English Literature Lesson Plan: Discussion Questions for Hamlet

Purpose: The following questions can be used throughout reading Hamlet. They can be used to get discussion started or when discussion digresses. They can also be used as prompts for student journal writing. If used for journal writing, be sure to give students specific writing lengths. Approximately two to three paragraphs of writing for each question are sufficient. These questions will also be helpful when reviewing for the essay exam.

1. Have you ever experienced a transitional period in your life? Maybe it was with your family, with a friend, or at an after school job. How did you handle the situation? Did you have any friends or family who helped you?

2. Each of the following characters can be argued as the tragic hero of Hamlet: Hamlet, Gertrude, Ophelia, or Laertes. Who do you think is the tragic hero or heroine of Hamlet and why? In your argument, define tragic hero and give three reasons for your choice.

3. From whose point of view is Hamlet told? Why do you think Shakespeare chose this point of view? Pick a different character from the play. How would the story change if it were told from that character’s perspective?

4. Do you see Hamlet’s inaction to avenge his father’s murder as good or bad? Do you sympathize with or pity Hamlet? Do you dislike or fear his inaction? Explain why you feel this way. Find two passages from the play that support your opinion.

5. Recall the soliloquies in Hamlet, and choose one. Define soliloquy. Who is talking? What is he or she saying? How do soliloquies let the audience in on what the character is thinking or feeling? Which is your favorite soliloquy and why?

6. Compare Oedipus and Hamlet. Name three similarities and three differences of their characters. Which of the two characters do you like, dislike, or relate to and why?

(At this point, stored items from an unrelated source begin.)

(* For every integer $n\geqslant1$, \[ \sum_{k=0}^{n-1}\frac{(2k+1)^{2}}{(n-k)^{2}(n+k+1)^{2}} =\frac{\pi^{2}}{6}-\frac{2\gamma}{2n+1}-\frac{2}{2n+1}\psi(2n+1)-\psi_{1}(2n+1). \]
   Context: $\psi=\Gamma'/\Gamma$ is the digamma function, $\psi_1=\psi'$ the trigamma function, and $\gamma$ the Euler–Mascheroni constant. *)

From Stdlib Require Import Reals.
From Coquelicot Require Import Coquelicot.
Open Scope R_scope.

Definition Gamma (x : R) : R :=
  RInt_gen (fun t => Rpower t (x - 1) * exp (- t))
           (at_right 0) (Rbar_locally p_infty).

Definition digamma (x : R) : R := Derive Gamma x / Gamma x.

Definition trigamma (x : R) : R := Derive digamma x.

Definition harmonic (m : nat) : R := sum_f_R0 (fun k => / INR (S k)) (pred m).
Definition euler_gamma : R :=
  real (Lim_seq (fun m => harmonic m - ln (INR m))).

From Stdlib Require Import Reals Lra Lia.
From Coquelicot Require Import Coquelicot.
Open Scope R_scope.

(* Put a = n - k and b = n + k + 1, so that a + b = 2n + 1 and b - a = 2k + 1.  The summand
   is 1/a^2 + 1/b^2 - (2/(2n+1)) (1/a + 1/b), hence the sum is S_2n - 2 H_2n / (2n+1) with
   S_m = sum_(j<=m) 1/j^2 and H_m = sum_(j<=m) 1/j.  It remains to show
   psi(m+1) = H_m - gamma and psi_1(m+1) = pi^2/6 - S_m.

   Both come from Gamma(x+1) = x Gamma(x) and the log-convexity of Gamma (Cauchy-Schwarz
   on Euler's integral).  Log-convexity squeezes psi(r) between ln r - 1/r and ln r, which
   gives gamma = 1 - psi(2).  It also makes psi increasing, so that
   psi(c+h) - psi(c) = h sum_(k<N) 1/((c+k)(c+h+k)) + O(1/N) uniformly in h; letting N go
   to infinity, psi'(m+1) is the tail sum_(j>m) 1/j^2 of the Basel series.  Matsuoka's
   integrals int_0^(pi/2) x^2 cos^(2k) x dx give pi^2/6 for that series together with an
   explicit O(1/k) bound on its tails. *)

Lemma ex_derive_continuous_R (f : R -> R) (x : R) : ex_derive f x -> continuous f x.
Proof. apply (@ex_derive_continuous R_AbsRing R_NormedModule). Qed.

7. Time and disguise are two key issues in Hamlet. Many of the passages describe the time as being “out of joint,” and the characters often spy on each other. How does this affect the tone of Hamlet? First define tone. Then, describe the tone of Hamlet in your own words, and use examples from the play to support your description.

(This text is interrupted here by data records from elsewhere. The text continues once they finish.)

(* Let $X$ be an infinite-dimensional normed vector space over $\mathbb R$, with the metric induced by the norm. Then $h_\infty(X)=\infty$.
   Context: For a metric space $(X,d)$, $\delta>0$, $n\in\mathbb N$, $x_0\in X$: a $\delta$-path of length $n$ starting at $x_0$ is a sequence $(x_0,x_1,\dots,x_n)$ in $X$ with $d(x_i,x_{i+1})\le\delta$ for all $i$. Let $P(n,\delta,x_0)$ be the set of such $\delta$-paths, with distance $\max_i d(x_i,y_i)$ between $(x_i)$ and $(y_i)$. A set is $R$-separated if distinct elements are at distance $\ge R$. Let $s(n,R,\delta,x_0)$ be the supremum of cardinalities of $R$-separated subsets of $P(n,\delta,x_0)$. The coarse entropy of $X$ is $h_\infty(X)=\lim_{\delta\to\infty}\lim_{R\to\infty}\limsup_{n\to\infty}\frac1n\log s(n,R,\delta,x_0)\in[0,\infty]$ (independent of $x_0$); it equals the coarse entropy of the identity map of $X$ (and of any isometric self-embedding of $X$). *)

From HB Require Import structures.
From mathcomp Require Import all_boot all_order all_algebra.
From mathcomp Require Import all_classical all_reals all_analysis.
Unset Printing Implicit Defensive.
Import Order.TTheory GRing.Theory Num.Theory.
Import numFieldNormedType.Exports.
Local Open Scope classical_set_scope.
Local Open Scope ring_scope.

Section CoarseEntropy.
Variables (R : realType) (X : normedModType R).

Definition infinite_dimensional : Prop :=
  forall s : seq X, exists x : X,
    ~ (exists c : seq R, x = \sum_(i < size s) c`_i *: s`_i).

(* A path of length n is a tuple (x_0, ..., x_n), indexed by 'I_n.+1. *)
Definition is_delta_path (n : nat) (delta : R) (x0 : X) (p : 'I_n.+1 -> X) : Prop :=
  p ord0 = x0 /\
  forall i : nat, (i < n)%N -> `|p (inord i) - p (inord i.+1)| <= delta.

Definition path_dist (n : nat) (p q : 'I_n.+1 -> X) : R :=
  \big[Num.max/0]_(i < n.+1) `|p i - q i|.

Definition separated_paths (n : nat) (Rs delta : R) (x0 : X)
  (s : seq ('I_n.+1 -> X)) : Prop :=
  (forall k, (k < size s)%N -> is_delta_path n delta x0 (nth (fun _ => x0) s k)) /\
  (forall k l, (k < l < size s)%N ->
     nth (fun _ => x0) s k <> nth (fun _ => x0) s l /\
     Rs <= path_dist n (nth (fun _ => x0) s k) (nth (fun _ => x0) s l)).

Definition sep_number (n : nat) (Rs delta : R) (x0 : X) : \bar R :=
  ereal_sup [set ((size s)%:R)%:E | s in separated_paths n Rs delta x0].

Definition elog (y : \bar R) : \bar R :=
  match y with
  | r%:E => (ln r)%:E
  | +oo%E => +oo%E
  | -oo%E => -oo%E
  end.

Definition growth_rate (Rs delta : R) (x0 : X) : \bar R :=
  limn_esup (fun n : nat => ((n%:R)^-1)%:E * elog (sep_number n Rs delta x0))%E.

Definition coarse_entropy (x0 : X) : \bar R :=
  lim ((fun delta : R => lim ((fun Rs : R => growth_rate Rs delta x0) @ +oo%R)) @ +oo%R).

End CoarseEntropy.

(* By Riesz's lemma, an infinite-dimensional normed space contains, for every N, vectors
   v_1, ..., v_N of norm at most 1 that are pairwise 1/2 apart. The straight delta-paths
   i |-> x0 + i delta v_k are then pairwise (n delta / 2)-separated at time n, so once
   n delta / 2 >= R there are infinitely many R-separated delta-paths of length n. Hence
   s(n, R, delta, x0) = +oo for all large n, and every limit defining h_oo is +oo. *)
From HB Require Import structures.
From mathcomp Require Import all_boot all_order all_algebra.
From mathcomp Require Import all_classical all_reals all_analysis.
From mathcomp Require Import lra.
Import Order.TTheory GRing.Theory Num.Theory.
Import numFieldNormedType.Exports.

Set Implicit Arguments.
Unset Strict Implicit.

Local Open Scope classical_set_scope.
Local Open Scope ring_scope.

Section FiniteSpan.
Variables (R : realType) (X : normedModType R).
Implicit Types (s : seq X) (a x y z : X) (k : R).

Definition in_span s z := exists c : seq R, z = \sum_(i < size s) c`_i *: s`_i.

Lemma in_span_nil z : in_span [::] z <-> z = 0.
Proof.
by split=> [[c ->]|->]; [rewrite big_ord0 | exists [::]; rewrite big_ord0].
Qed.

Lemma in_span0 s : in_span s 0.
Proof. by exists [::]; rewrite big1 // => i _; rewrite nth_nil scale0r. Qed.

Lemma in_span_cons a s z :
  in_span (a :: s) z <-> exists k y, in_span s y /\ z = k *: a + y.
Proof.
split=> [[[|c0 c] ->]|[k [y [[c ->] ->]]]].
- exists 0, 0; split; first exact: in_span0.
  by rewrite big1 ?scale0r ?addr0 // => i _; rewrite nth_nil scale0r.
- exists c0, (\sum_(i < size s) c`_i *: s`_i); split; first by exists c.
  by rewrite big_ord_recl.
- by exists (k :: c); rewrite big_ord_recl.
Qed.

Lemma in_spanD s y1 y2 : in_span s y1 -> in_span s y2 -> in_span s (y1 + y2).
Proof.
elim: s y1 y2 => [|a s IH] y1 y2.
  by move=> /in_span_nil -> /in_span_nil ->; apply/in_span_nil; rewrite addr0.
move=> /in_span_cons [k1 [u1 [h1 ->]]] /in_span_cons [k2 [u2 [h2 ->]]].
apply/in_span_cons; exists (k1 + k2), (u1 + u2); split; first exact: IH.
by rewrite scalerDl addrACA.
Qed.

Lemma in_spanZ s k y : in_span s y -> in_span s (k *: y).
Proof.
elim: s y => [|a s IH] y.
  by move=> /in_span_nil ->; apply/in_span_nil; rewrite scaler0.
move=> /in_span_cons [k1 [u [hu ->]]]; apply/in_span_cons.
by exists (k * k1), (k *: u); split; [exact: IH | rewrite scalerDr scalerA].
Qed.

Lemma in_span_nth s i : (i < size s)%N -> in_span s s`_i.
Proof.
elim: s i => [|a s IH] [|i] //= hi; apply/in_span_cons.
  by exists 1, 0; rewrite scale1r addr0; split; first exact: in_span0.
by exists 0, s`_i; rewrite scale0r add0r; split; first exact: IH.
Qed.

Definition span_dist s x : R := inf [set `|x - y| | y in in_span s].

Lemma has_inf_span_dist s x : has_inf [set `|x - y| | y in in_span s].
Proof.
split; first by exists `|x - 0|, 0; first exact: in_span0.
by exists 0 => _ [y _ <-].
Qed.

Lemma span_dist_le s x y : in_span s y -> span_dist s x <= `|x - y|.
Proof. by move=> hy; apply: ge_inf; [case: (has_inf_span_dist s x) | exists y]. Qed.

Lemma le_span_dist s x m :
  (forall y, in_span s y -> m <= `|x - y|) -> m <= span_dist s x.
Proof.
move=> h; apply: lb_le_inf; first by case: (has_inf_span_dist s x).
by move=> _ [y hy <-]; exact: h.
Qed.

Lemma span_dist_lipschitz s x y : span_dist s x <= span_dist s y + `|x - y|.
Proof.
rewrite addrC -lerBlDl; apply: le_span_dist => w hw; rewrite lerBlDl.
exact: le_trans (span_dist_le x hw) (ler_distD y x w).
Qed.

Lemma continuous_span_dist s : continuous (span_dist s).
Proof.
move=> x; apply/cvgrPdist_le => e e0; near=> y.
have xy : `|x - y| <= e by near: y; exact: (cvgrPdist_le _ _).1 (@cvg_id _ _) _ e0.
have := span_dist_lipschitz s x y; have := span_dist_lipschitz s y x.
by rewrite distrC ler_norml; lra.
Unshelve. all: by end_near. Qed.

Lemma scale_span_dist_le s a y k :
  in_span s y -> `|k| * span_dist s a <= `|k *: a + y|.
Proof.
move=> hy; have [->|k0] := eqVneq k 0; first by rewrite normr0 mul0r.
have -> : k *: a + y = k *: (a - (- k^-1 *: y)).
  by rewrite scalerBr scalerA mulrN divff // scaleN1r opprK.
by rewrite normrZ ler_wpM2l //; apply/span_dist_le/in_spanZ.
Qed.

(* Adding k a with |k| large moves far away from z, and on the remaining
   compact interval of coefficients the positive continuous function c |-> span_dist s (z - c a)
   has a positive minimum (extreme value theorem): this is where finite dimension is used. *)
Lemma span_dist_gt0 s z : ~ in_span s z -> 0 < span_dist s z.
Proof.
elim: s z => [|a s IH] z zNs.
  apply: lt_le_trans (le_span_dist (m := `|z|) _) => [|y /in_span_nil ->].
    by rewrite normr_gt0; apply/eqP => z0; apply/zNs/in_span_nil.
  by rewrite subr0.
have [aS|aNs] := pselect (in_span s a).
  apply: lt_le_trans (IH z _) (le_span_dist _) => [zs|y /in_span_cons [k [u [hu ->]]]].
    by apply/zNs/in_span_cons; exists 0, z; rewrite scale0r add0r.
  by apply: span_dist_le; apply: in_spanD => //; exact: in_spanZ.
pose g c := span_dist s (z - c *: a).
have g_gt0 c : 0 < g c.
  apply: IH => zcs; apply/zNs/in_span_cons; exists c, (z - c *: a).
  by split=> //; rewrite addrC subrK.
have da0 := IH a aNs; have z0 := normr_ge0 z.
pose M := (`|z| + 1) / span_dist s a.
have M0 : 0 <= M by apply: divr_ge0; lra.
have gc : {within `[- M, M], continuous g}.
  have gcont : continuous g.
    move=> c; rewrite /g; apply: (@continuous_comp _ _ _ (fun c : R => z - c *: a) (span_dist s)).
      by apply: continuousB; [exact: cvg_cst | exact: scalel_continuous].
    exact: continuous_span_dist.
  by apply: continuous_subspaceT => c; exact: gcont.
have [c _ gmin] := EVT_min (ltac:(lra) : - M <= M) gc.
apply: (lt_le_trans (_ : 0 < Num.min 1 (g c))); first by rewrite lt_min ltr01 g_gt0.
apply: le_span_dist => _ /in_span_cons [k [u [hu ->]]].
rewrite ge_min; have [kM|Mk] := leP `|k| M.
  apply/orP; right; apply: le_trans (gmin k _) _; first by rewrite in_itv /= -ler_norml.
  by rewrite opprD addrA; exact: span_dist_le.
apply/orP; left.
have := scale_span_dist_le a k hu; have := lerB_dist (k *: a + u) z.
by move: Mk; rewrite ltr_pdivrMr // distrC; lra.
Qed.

Lemma riesz_lemma s x : ~ in_span s x ->
  exists v : X, `|v| <= 1 /\ forall w, in_span s w -> 1/2 <= `|v - w|.
Proof.
move=> xNs; have d0 := span_dist_gt0 xNs.
have [_ [y ys <-] yclose] := inf_adherent d0 (has_inf_span_dist s x).
rewrite -/(span_dist s x) in yclose.
have dle := span_dist_le x ys; set r := `|x - y| in yclose dle *.
have r0 : 0 < r by lra.
have ri : `|r^-1| = r^-1 by rewrite ger0_norm // invr_ge0 ltW.
exists (r^-1 *: (x - y)); split; first by rewrite normrZ ri mulVf ?gt_eqF.
move=> w ws; have -> : r^-1 *: (x - y) - w = r^-1 *: (x - (y + r *: w)).
  by rewrite opprD addrA [in RHS]scalerBr scalerA mulVf ?gt_eqF // scale1r.
rewrite normrZ ri (mulrC r^-1) ler_pdivlMr //.
have : span_dist s x <= `|x - (y + r *: w)|.
  by apply: span_dist_le; apply: in_spanD => //; exact: in_spanZ.
lra.
Qed.

Lemma infinite_dimensional_separated_seq N : infinite_dimensional R X ->
  exists s : seq X, [/\ size s = N, forall i, (i < N)%N -> `|s`_i| <= 1 &
    forall i j, (i < j < N)%N -> 1/2 <= `|s`_i - s`_j|].
Proof.
move=> Xinf; elim: N => [|N [s [<- s1 s2]]].
  by exists [::]; split => // i j; rewrite ltn0 andbF.
have [x xNs] := Xinf s; have [v [v1 v2]] := riesz_lemma xNs.
exists (v :: s); split => //= [[|i] //= /s1|[|i] [|j] //= ij]; first exact.
  by apply/v2/in_span_nth.
exact: s2.
Qed.

End FiniteSpan.

Section StraightPaths.
Variables (R : realType) (X : normedModType R).

Definition line_path {n : nat} (delta : R) (x0 v : X) : 'I_n.+1 -> X :=
  fun i => x0 + (i%:R * delta) *: v.

Lemma line_pathB n delta x0 v w (i : 'I_n.+1) :
  line_path delta x0 v i - line_path delta x0 w i = (i%:R * delta) *: (v - w).
Proof. by rewrite /line_path opprD addrACA subrr add0r scalerBr. Qed.

Lemma line_path_is_delta_path n delta x0 v : 0 <= delta -> `|v| <= 1 ->
  is_delta_path R X n delta x0 (line_path delta x0 v).
Proof.
move=> d0 v1; split; first by rewrite /line_path mul0r scale0r addr0.
move=> i lt_in; rewrite /line_path opprD addrACA subrr add0r -scaleNr -scalerDl.
rewrite !inordK ?ltnS ?(ltnW lt_in) // -natr1 mulrDl mul1r opprD addrA subrr add0r.
by rewrite normrZ normrN ger0_norm //; apply: ler_piMr.
Qed.

Lemma line_path_dist n delta x0 v w : 0 <= delta ->
  n%:R * delta * `|v - w| <= path_dist R X n (line_path delta x0 v) (line_path delta x0 w).
Proof.
move=> d0; apply: le_trans (le_bigmax 0 _ ord_max).
by rewrite line_pathB normrZ ger0_norm // mulr_ge0.
Qed.

Lemma separated_line_paths n Rs delta x0 N : infinite_dimensional R X ->
  0 < delta -> (0 < n)%N -> Rs <= n%:R * delta / 2 ->
  exists s, size s = N /\ separated_paths R X n Rs delta x0 s.
Proof.
move=> Xinf d0 n0 hRs; have [vs [vsN vs1 vs2]] := infinite_dimensional_separated_seq N Xinf.
exists (map (line_path delta x0) vs); rewrite /separated_paths size_map vsN.
split=> //; split=> [k kN|k l /andP [kl lN]].
  by rewrite (nth_map 0) ?vsN //; apply: line_path_is_delta_path; [exact: ltW | exact: vs1].
have kN := ltn_trans kl lN; rewrite !(nth_map 0) ?vsN //.
have sep : n%:R * delta / 2 <=
    path_dist R X n (line_path delta x0 vs`_k) (line_path delta x0 vs`_l).
  apply: le_trans (line_path_dist _ _ _ _ (ltW d0)).
  apply: ler_wpM2l; first by rewrite mulr_ge0 ?ler0n ?ltW.
  by rewrite -div1r vs2 // kl.
split=> [same|]; last exact: le_trans sep.
have : path_dist R X n (line_path delta x0 vs`_l) (line_path delta x0 vs`_l) <= 0.
  by apply: bigmax_le => // i _; rewrite subrr normr0.
have : 0 < n%:R * delta / 2 by rewrite !mulr_gt0 ?ltr0n.
by move: sep; rewrite same; lra.
Qed.

End StraightPaths.

Section CoarseEntropy.
Variables (R : realType) (X : normedModType R).
Local Open Scope ereal_scope.

Lemma sep_number_pinfty n Rs delta (x0 : X) : infinite_dimensional R X ->
  (0 < delta)%R -> (0 < n)%N -> (Rs <= n%:R * delta / 2)%R ->
  sep_number R X n Rs delta x0 = +oo.
Proof.
move=> Xinf d0 n0 hRs; apply: eq_infty => r.
have [s [sN sep]] := separated_line_paths x0 (Num.bound `|r|) Xinf d0 n0 hRs.
apply: (@le_trans _ _ (Num.bound `|r|)%:R%:E).
  by rewrite lee_fin; apply/(le_trans (ler_norm r))/ltW/archi_boundP/normr_ge0.
by apply: ereal_sup_ubound; exists s => //; rewrite sN.
Qed.

Lemma growth_rate_pinfty Rs delta (x0 : X) : infinite_dimensional R X ->
  (0 < delta)%R -> growth_rate R X Rs delta x0 = +oo.
Proof.
move=> Xinf d0; rewrite /growth_rate limn_esup_lim.
apply: (lim_near_cst (@ereal_hausdorff R)); near=> m.
apply/eqP; rewrite -leye_eq; apply: ereal_sup_ubound; exists m => //=.
rewrite sep_number_pinfty //=.
- rewrite mulry gtr0_sg ?mul1e // invr_gt0 ltr0n.
  by near: m; exact: nbhs_infty_gt.
- by near: m; exact: nbhs_infty_gt.
- have : (Rs * 2 / delta <= m%:R)%R by near: m; exact: nbhs_infty_ger.
  by rewrite ler_pdivrMr // => ?; lra.
Unshelve. all: by end_near. Qed.

End CoarseEntropy.

Theorem mainTheorem2 (R : realType) (X : normedModType R) (x0 : X) :
  @infinite_dimensional R X -> @coarse_entropy R X x0 = +oo%E.
Proof.
move=> Xinf; apply: (lim_near_cst (@ereal_hausdorff R)); near=> delta.
have d0 : 0 < delta by near: delta; exact: nbhs_pinfty_gt.
under eq_fun => Rs do rewrite growth_rate_pinfty //.
exact: (lim_cst (@ereal_hausdorff R)).
Unshelve. all: by end_near. Qed.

8. Define irony. Choose three characters in Hamlet and explain why their actions in the play are ironic. What do these characters say to others, and how does this contrast their actions?

9. Pick any character in any scene from Hamlet. If you were an actor, how would you perform this character in this particular scene? What clues does Shakespeare give in the lines before or after the character’s lines to let the actors know what to do? How would you portray the scene as the actors would have done in Shakespeare’s time at the Globe?

10. Pick one sentence from the play that you think is the most important point or best explains the play. Explain why.